Abstract
This presentation surveys Sir Ben Okri’s 2023 Tiger Work through an ‘aesthetics of necessity’ prism as deduced not only from its dedication to “those who love the world enough to fight for it,” but also from the book’s mystical Blakean intertext, the final lines of which ponder the Tyger’s creation. I propose that the urgent apocalyptic thrust and ecocritical underpinning of this multimodal, interdisciplinary collection of essays, poems, parables, stoku [an amalgam of Japanese Haiku and flash fiction], an epistle and allegorical short stories inform Okri’s narrative stance in his treatment of environmental science and the ambiguities of reality.
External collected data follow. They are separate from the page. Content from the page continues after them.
(* Let $k\le n$ and $\phi(k)<m<2n$. Then the value in $U_q^+(\mathfrak{sp}_{2n})$ of the bracketed word $[x_k\,x_{k+1}\cdots x_n\,y_m]$, where $y_m=v[n+1,m]=[x_{n+1},[x_{n+2},[\dots,[x_{m-1},x_m]\dots]]]$, does not depend on the arrangement of the (skew) brackets on the sequence $x_k,x_{k+1},\dots,x_n,y_m$.
   Context: Let $\mathbf{k}$ be a field, $G$ an abelian group, $n\ge2$, $X=\{x_1,\dots,x_n\}$, $g_i\in G$, characters $\chi^i:G\to\mathbf{k}^*$, $p_{ij}=\chi^i(g_j)$; for homogeneous $u,v$, $p(u,v)=\chi^u(g_v)$ (obtained by replacing $x_i$ by $g_i$, resp. $\chi^i$). $G\langle X\rangle$: skew group algebra with $x_ig=\chi^i(g)gx_i$; skew bracket $[u,v]=uv-p(u,v)vu$. Fix $q\in\mathbf{k}^*$, $q^3\ne1$, $q\ne-1$; assume $p_{ii}=q$ ($i<n$), $p_{nn}=q^2$, $p_{i,i-1}p_{i-1,i}=q^{-1}$ ($1<i<n$), $p_{n-1,n}p_{n,n-1}=q^{-2}$, $p_{ij}p_{ji}=1$ ($j>i+1$). $U_q^+(\mathfrak{sp}_{2n})$ is the quotient of $G\langle X\rangle$ by the ideal generated by $[x_i,[x_i,x_{i+1}]]$, $[[x_i,x_{i+1}],x_{i+1}]$ ($1\le i<n-1$), $[x_i,x_j]$ ($j>i+1$), $[[x_{n-1},x_n],x_n]$, $[x_{n-1},[x_{n-1},[x_{n-1},x_n]]]$. For $n<i<2n$, $x_i:=x_{2n-i}$; $\phi(i)=2n-i$. *)

From HB Require Import structures.
From mathcomp Require Import all_boot all_order all_algebra.
Set Implicit Arguments. Unset Strict Implicit. Unset Printing Implicit Defensive.
Import Order.TTheory GRing.Theory Num.Theory.
Local Open Scope ring_scope.

(* Binary trees (bracketings) with leaves labelled in A. *)
Inductive btree (A : Type) : Type :=
| BLeaf of A
| BNode of btree A & btree A.
Arguments BLeaf {A} _.
Arguments BNode {A} _ _.

Fixpoint frontier (A : Type) (t : btree A) : seq A :=
  match t with BLeaf a => [:: a] | BNode l r => frontier l ++ frontier r end.

Fixpoint bjoin (A : Type) (t : btree (btree A)) : btree A :=
  match t with BLeaf s => s | BNode l r => BNode (bjoin l) (bjoin r) end.

Fixpoint rcomb (a : nat) (s : seq nat) : btree nat :=
  match s with [::] => BLeaf a | b :: s' => BNode (BLeaf a) (rcomb b s') end.

Section SkewAlgebra.
(* K : the field k; G : the abelian group, written additively (zmodType);
   generators x_1..x_n are indexed by the naturals 1..n;
   g i = g_i, chi i = chi^i. *)
Variables (K : fieldType) (G : zmodType) (n : nat).
Variables (g : nat -> G) (chi : nat -> G -> K).

Definition pp (i j : nat) : K := chi i (g j).

(* An element of G<X>: a formal finite sum of terms c * h * w,
   c : K, h : G, w a word in the letters 1..n. *)
Definition elt := seq (K * G * seq nat).

Definition chiw (w : seq nat) (h : G) : K := \prod_(i <- w) chi i h.
Definition gw (w : seq nat) : G := \sum_(i <- w) g i.

Definition eadd (a b : elt) : elt := a ++ b.
Definition escale (c : K) (a : elt) : elt :=
  [seq (c * t.1.1, t.1.2, t.2) | t <- a].
(* (c h u)(d h' v) = c d chi^u(h') (h h') (u v), from x_i h' = chi^i(h') h' x_i *)
Definition emul (a b : elt) : elt :=
  [seq (s.1.1 * t.1.1 * chiw s.2 t.1.2, s.1.2 + t.1.2, s.2 ++ t.2) | s <- a, t <- b].

Definition coef (a : elt) (h : G) (w : seq nat) : K :=
  \sum_(t <- a | (t.1.2 == h) && (t.2 == w)) t.1.1.
Definition eeq (a b : elt) : Prop := forall h w, coef a h w = coef b h w.

Definition inGX (a : elt) : bool :=
  all (fun t => all (fun i => (0 < i <= n)%N) t.2) a.

Definition xgen (i : nat) : elt := [:: (1, 0, [:: i])].

(* p(u,v) = chi^u(g_v) for homogeneous u, v of degrees (words) du, dv *)
Definition pdeg (du dv : seq nat) : K := chiw du (gw dv).

Definition sbracket (du dv : seq nat) (u v : elt) : elt :=
  eadd (emul u v) (escale (- pdeg du dv) (emul v u)).

(* x_i := x_{2n-i} for n < i < 2n *)
Definition letter (i : nat) : nat := if (i <= n)%N then i else (2 * n - i)%N.

Fixpoint bval (t : btree nat) : elt :=
  match t with
  | BLeaf i => xgen (letter i)
  | BNode l r => sbracket (map letter (frontier l)) (map letter (frontier r))
                          (bval l) (bval r)
  end.

(* the defining relators of U_q^+(sp_2n), as bracketed words *)
Definition is_rel (t : btree nat) : Prop :=
  (exists i, (1 <= i)%N /\ (i.+1 < n)%N /\
     (t = BNode (BLeaf i) (BNode (BLeaf i) (BLeaf i.+1)) \/
      t = BNode (BNode (BLeaf i) (BLeaf i.+1)) (BLeaf i.+1)))
  \/ (exists i j, (1 <= i)%N /\ (i.+1 < j)%N /\ (j <= n)%N /\
        t = BNode (BLeaf i) (BLeaf j))
  \/ t = BNode (BNode (BLeaf n.-1) (BLeaf n)) (BLeaf n)
  \/ t = BNode (BLeaf n.-1) (BNode (BLeaf n.-1) (BNode (BLeaf n.-1) (BLeaf n))).

Inductive in_ideal : elt -> Prop :=
| in_ideal0 : in_ideal [::]
| in_idealS (z a b : elt) (t : btree nat) :
    in_ideal z -> inGX a -> inGX b -> is_rel t ->
    in_ideal (eadd z (emul (emul a (bval t)) b)).

Definition Ueq (a b : elt) : Prop :=
  exists z, in_ideal z /\ eeq (eadd a (escale (-1) b)) z.

End SkewAlgebra.

Definition ym (n m : nat) : btree nat := rcomb n.+1 (iota n.+2 (m - n.+1)).
Definition atoms (n k m : nat) : seq (btree nat) :=
  [seq BLeaf i | i <- iota k (n - k).+1] ++ [:: ym n m].

(* Call an atom u skew-commuting with v when [u, v] = 0 in U_q^+(sp_2n).  If in a
   sequence of atoms every atom skew-commutes with every atom at distance at least
   two, the Jacobi identity [u, [v, w]] = [[u, v], w] (valid whenever [u, w] = 0)
   rotates any bracketing into the right comb, so all bracketings agree.  For the
   atoms x_k, ..., x_n, y_m the far pairs x_i, x_j (j >= i + 2) commute by the
   defining relations.  Since phi(m) < k, y_m is the descending comb
   [x_(n-1), [x_(n-2), ..., [x_(j0+1), x_j0]]] with j0 = 2n - m < k, and x_i with
   k <= i < n skew-commutes with it by induction on its length: the two cases not
   covered by the far relations reduce to the quantum Serre relation
   [x_(i+1), [x_(i+1), x_i]] = 0 and to [[x_(i+1), x_(i+2)], [x_(i+1), x_i]] = 0,
   an explicit linear combination of Serre relators. *)
From HB Require Import structures.
From mathcomp Require Import all_boot all_order all_algebra.
From mathcomp Require Import ring zify.
From Stdlib Require Import Setoid Morphisms.
From Stdlib Require List.
Set Implicit Arguments. Unset Strict Implicit. Unset Printing Implicit Defensive.
Import GRing.Theory.
Local Open Scope ring_scope.

Section FormalSums.
Variables (K : fieldType) (G : zmodType) (chi : nat -> G -> K).
Hypothesis chiM : forall i a b, chi i (a + b) = chi i a * chi i b.

Notation elt := (elt K G).

(* Testing against all linear functionals, rather than comparing coefficients as
   [eeq] does, makes the congruence proofs for [emul] immediate. *)
Definition ev (F : G -> seq nat -> K) (a : elt) : K :=
  \sum_(t <- a) t.1.1 * F t.1.2 t.2.
Definition eqv (a b : elt) := forall F, ev F a = ev F b.

Lemma ev_eadd F (a b : elt) : ev F (eadd a b) = ev F a + ev F b.
Proof. by rewrite /ev /eadd big_cat. Qed.

Lemma ev_nil F : ev F [::] = 0.
Proof. by rewrite /ev big_nil. Qed.

Lemma ev_escale F c (a : elt) : ev F (escale c a) = c * ev F a.
Proof.
by rewrite /ev /escale big_map mulr_sumr; apply: eq_bigr => t _; rewrite mulrA.
Qed.

Lemma ev_emul F (a b : elt) : ev F (emul chi a b) =
  \sum_(s <- a) s.1.1 * ev (fun h w => chiw chi s.2 h * F (s.1.2 + h) (s.2 ++ w)) b.
Proof.
rewrite /ev /emul big_allpairs_dep; apply: eq_bigr => s _.
by rewrite mulr_sumr; apply: eq_bigr => t _ /=; ring.
Qed.

Lemma eqv_eeq (a b : elt) : eqv a b -> eeq a b.
Proof.
move=> E h w.
have coefE x : coef x h w = ev (fun h' w' => ((h' == h) && (w' == w))%:R) x.
  rewrite /coef /ev big_mkcond; apply: eq_bigr => t _.
  by case: ifP; rewrite ?mulr1 ?mulr0.
by rewrite !coefE E.
Qed.

Global Instance eqv_equiv : Equivalence eqv.
Proof. by split=> [a F | a b E F | a b c E1 E2 F]; rewrite ?E ?E1 ?E2. Qed.

Global Instance eadd_proper : Proper (eqv ==> eqv ==> eqv) (@eadd K G).
Proof. by move=> a a' Ea b b' Eb F; rewrite !ev_eadd Ea Eb. Qed.

Global Instance escale_proper c : Proper (eqv ==> eqv) (@escale K G c).
Proof. by move=> a a' Ea F; rewrite !ev_escale Ea. Qed.

Global Instance emul_proper : Proper (eqv ==> eqv ==> eqv) (emul chi).
Proof.
move=> a a' Ea b b' Eb F.
have ev_emul_left x : ev F (emul chi x b) =
    ev (fun h w => ev (fun h' w' => chiw chi w h' * F (h + h') (w ++ w')) b) x.
  by rewrite ev_emul.
rewrite ev_emul_left Ea -ev_emul_left !ev_emul.
by apply: eq_bigr => s _; rewrite Eb.
Qed.

Lemma emulDl (a b c : elt) :
  emul chi (eadd a b) c = eadd (emul chi a c) (emul chi b c).
Proof. by rewrite /emul /eadd allpairs_cat. Qed.

Lemma emulDr (a b c : elt) :
  eqv (emul chi a (eadd b c)) (eadd (emul chi a b) (emul chi a c)).
Proof.
move=> F; rewrite ev_eadd !ev_emul -big_split; apply: eq_bigr => s _ /=.
by rewrite ev_eadd mulrDr.
Qed.

Lemma emulZl k (a b : elt) : emul chi (escale k a) b = escale k (emul chi a b).
Proof.
rewrite /emul /escale allpairs_mapl map_allpairs; apply: eq_allpairs => s t /=.
by rewrite !mulrA.
Qed.

Lemma emulZr k (a b : elt) : emul chi a (escale k b) = escale k (emul chi a b).
Proof.
rewrite /emul /escale allpairs_mapr map_allpairs; apply: eq_allpairs => s t /=.
by rewrite !mulrA [_ * k]mulrC.
Qed.

Lemma emul0r (a : elt) : eqv (emul chi a [::]) [::].
Proof. by move=> F; rewrite ev_emul ev_nil big1 // => s _; rewrite ev_nil mulr0. Qed.

Lemma emulCl k (a : elt) : emul chi [:: (k, 0, [::])] a = escale k a.
Proof.
rewrite /emul /= cats0; apply: eq_map => -[[c h] w] /=.
by rewrite /chiw big_nil mulr1 add0r.
Qed.

Lemma emul1r (a : elt) : (forall i, chi i 0 = 1) -> emul chi a [:: (1, 0, [::])] = a.
Proof.
move=> chi0; rewrite /emul allpairs1r -[RHS]map_id; apply: eq_map => -[[c h] w] /=.
by rewrite mulr1 addr0 cats0 /chiw big1 ?mulr1 // => i _; rewrite chi0.
Qed.

Lemma chiwD w (h h' : G) : chiw chi w (h + h') = chiw chi w h * chiw chi w h'.
Proof. by rewrite /chiw -big_split; apply: eq_bigr => i _; rewrite chiM. Qed.

Lemma chiw_cat w w' (h : G) : chiw chi (w ++ w') h = chiw chi w h * chiw chi w' h.
Proof. by rewrite /chiw big_cat. Qed.

Lemma emulA (a b c : elt) : emul chi (emul chi a b) c = emul chi a (emul chi b c).
Proof.
elim: a => [//|s a IH].
rewrite /emul /= allpairs_cat -/(emul chi a b) -/(emul chi (emul chi a b) c) IH.
congr (_ ++ _); rewrite allpairs_mapl map_allpairs; apply: eq_allpairs => t u /=.
by rewrite chiw_cat chiwD addrA catA; congr (_, _, _); ring.
Qed.

Variable g : nat -> G.
Notation br := (sbracket g chi).

Lemma pdeg_catl a a' b : pdeg g chi (a ++ a') b = pdeg g chi a b * pdeg g chi a' b.
Proof. by rewrite /pdeg chiw_cat. Qed.

Lemma pdeg_catr a b b' : pdeg g chi a (b ++ b') = pdeg g chi a b * pdeg g chi a b'.
Proof. by rewrite /pdeg /gw big_cat chiwD. Qed.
I adopt an eco-critical lens that studies literature and the environment from an interdisciplinary viewpoint; where all sciences come together to analyse the environment and to brainstorm possible solutions for the correction of contemporary environmental chaos, while cognizant of causal laws of science, on the one hand, and the intentionality and consciousness of art, on the other. My argument references two works of Stephen O’Leary (‘Apocalyptic Argument and the Anticipation of Catastrophe: The Prediction of Risk and the Risk of Prediction’ 1997 and Arguing the Apocalypse: A Theory of Millennial Rhetoric 1998); Arne Naess (Ecology of Wisdom 2008); and Michael Chapman (Literary Transactions in South Africa 2025).
Of necessity, too, I adopt a phenomenological ecocritical approach to critical environmental issues, such as water scarcity, climate change, global warming, deforestation, and reading for meaning that fall under the conceptual carapace of Okri’s “existential creativity” within the overriding theme of conservation. I conclude by citing lines from four of Okri’s 2021 A Fire in My Head poems− “Finding the Present,” “closed. still open” and “Notre Dame is Telling Us Something,”and climaxing with “Grenfell Tower, June 2017”− in illustration of his penetrating engagement with environmental issues and his ardent plea for change.
Biography
Dr. Rosemary Alice Gray is a BA, Senior Teachers Diploma (UCT); BA Honours, MA cum laude, Dlitt.et Phil. (Unisa). Rosemary is Emeritus Professor in the Department of English at the University of Pretoria, South Africa. She is a rated researcher, specializing in Anglo-Saxon, Middle English and Pan-African texts. Her current research interest is the work of Ben Okri, and she has written or presented over fifty papers on Okri’s oeuvre, plus a Bloomsbury Academic monograph entitled, The Tough Alchemy of Ben Okri: The writer as conceptual artist.
Like Sir Ben Okri, she had planned to become a scientist, but fate dictated that she studied languages (French, Latin, German, Anglo-Saxon and Middle English). Growing up in East Africa, she perforce added Kiswahili, and returning to South Africa, Afrikaans. She has pursued her scientific bent by marrying a scientist, a Geo-Chemist; is a Fellow of the International Eskom Exco for Young Scientists and former Board Member of EEYS and Le Mouvement International pour le loisire scientifique et technologique (MILSET), adjudicating the annual UP Dr Derek Gray Gold Medal Award and the Dr Meiring Naude Gold Medal Award (for the Top Young Scientists).
She is Honorary Life Vice President of the English Academy of Southern Africa and Managing Editor of the English Academy Review: A Journal of English Studies.
Her book publications include Broken Strings: The Politics of Poetry and Sounding Wings: Short Stories from Africa (with Stephen Finn, Longmans), A Tribute to JRR Tolkien (Unisa Press), Light Comes Out of the Darkness: The History of Expo for Young Scientists (OUP); A Glass Half Full or Half Empty? The Challenges of Political Succession and Elections in Africa (Ssali pubs.); Commemorative Snapshots: Recalibrating Our Blue Diamond (Ssali) and Hunger for the Light: The Challenges of an African Life (Unisa Press).